--- Assignment ---
Exactly the lines starting at the line containing "(pand p q))))" and ending at the line containing "(inst t) p)))" are to be written out from the listing below, both included.
○ ○ ○
Inductive Der (Ax : form -> Prop) : form -> Prop :=
| d_ax f : Ax f -> Der Ax f
| cK p q : Der Ax (FP (pimp p (pimp q p)))
| cS p q r : Der Ax (FP (pimp (pimp p (pimp q r)) (pimp (pimp p q) (pimp p r))))
| cAndI p q : Der Ax (FP (pimp p (pimp q (pand p q))))
| cAndE1 p q : Der Ax (FP (pimp (pand p q) p))
| cAndE2 p q : Der Ax (FP (pimp (pand p q) q))
| cOrI1 p q : Der Ax (FP (pimp p (por p q)))
| cOrI2 p q : Der Ax (FP (pimp q (por p q)))
| cOrE p q r : Der Ax (FP (pimp (pimp p r) (pimp (pimp q r) (pimp (por p q) r))))
| cEFQ p : Der Ax (FP (pimp pzero p))
| cDNE p : Der Ax (FP (pimp (pneg (pneg p)) p))
| cAllE p t : Der Ax (FP (pimp (pall p) (ren_p (inst t) p)))
| cAllI p q : Der Ax (FP (pimp (pall (pimp (ren_p S q) p)) (pimp q (pall p))))
| cExI p t : Der Ax (FP (pimp (ren_p (inst t) p) (pex p)))
| cExE p q : Der Ax (FP (pimp (pall (pimp p (ren_p S q))) (pimp (pex p) q)))
| cMP p q : Der Ax (FP (pimp p q)) -> Der Ax (FP p) -> Der Ax (FP q)
| cGen p : Der Ax (FP p) -> Der Ax (FP (pall p))
| iK a b : Der Ax (FA (aimp a (aimp b a)))
| iS a b c : Der Ax (FA (aimp (aimp a (aimp b c)) (aimp (aimp a b) (aimp a c))))
| iAndI a b : Der Ax (FA (aimp a (aimp b (aand a b))))
| iAndE1 a b : Der Ax (FA (aimp (aand a b) a))
| iAndE2 a b : Der Ax (FA (aimp (aand a b) b))
| iOrI1 a b : Der Ax (FA (aimp a (aor a b)))
| iOrI2 a b : Der Ax (FA (aimp b (aor a b)))
| iOrE a b c : Der Ax (FA (aimp (aimp a c) (aimp (aimp b c) (aimp (aor a b) c))))
| iEFQ a : Der Ax (FA (aimp abot a))
| iAllE a t : Der Ax (FA (aimp (aall a) (ren_a (inst t) a)))
| iAllI a b : Der Ax (FA (aimp (aall (aimp (ren_a S b) a)) (aimp b (aall a))))
| iExI a t : Der Ax (FA (aimp (ren_a (inst t) a) (aex a)))
| iExE a b : Der Ax (FA (aimp (aall (aimp a (ren_a S b))) (aimp (aex a) b)))
| iMP a b : Der Ax (FA (aimp a b)) -> Der Ax (FA a) -> Der Ax (FA b)
| iGen a : Der Ax (FA a) -> Der Ax (FA (aall a))
| rBang p : Der Ax (FP p) -> Der Ax (FA (abang p))
| rQ a : Der Ax (FA a) -> Der Ax (FP (pq a))
| x1 p : Der Ax (FP (pimp (pq (abang p)) p))
| x2 a : Der Ax (FA (aimp a (abang (pq a))))
| x3 p q : Der Ax (FA (aimp (abang (pimp p q)) (aimp (abang p) (abang q))))
| x4 a b : Der Ax (FP (pimp (pq (aimp a b)) (pimp (pq a) (pq b))))
| x5 : Der Ax (FA (aimp (abang pzero) abot))
| x6 a b : Der Ax (FP (piff (pq (aand a b)) (pand (pq a) (pq b))))
| x7 a b : Der Ax (FP (piff (pq (aor a b)) (por (pq a) (pq b))))
| x8 : Der Ax (FP (pimp (pq abot) pzero))
| x9 a : Der Ax (FP (piff (pq (aex a)) (pex (pq a))))
| x10 a : Der Ax (FP (pimp (pq (aall a)) (pall (pq a)))).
○ ○ ○
--- Result ---
| cAndI p q : Der Ax (FP (pimp p (pimp q (pand p q))))
| cAndE1 p q : Der Ax (FP (pimp (pand p q) p))
| cAndE2 p q : Der Ax (FP (pimp (pand p q) q))
| cOrI1 p q : Der Ax (FP (pimp p (por p q)))
| cOrI2 p q : Der Ax (FP (pimp q (por p q)))
| cOrE p q r : Der Ax (FP (pimp (pimp p r) (pimp (pimp q r) (pimp (por p q) r))))
| cEFQ p : Der Ax (FP (pimp pzero p))
| cDNE p : Der Ax (FP (pimp (pneg (pneg p)) p))
| cAllE p t : Der Ax (FP (pimp (pall p) (ren_p (inst t) p)))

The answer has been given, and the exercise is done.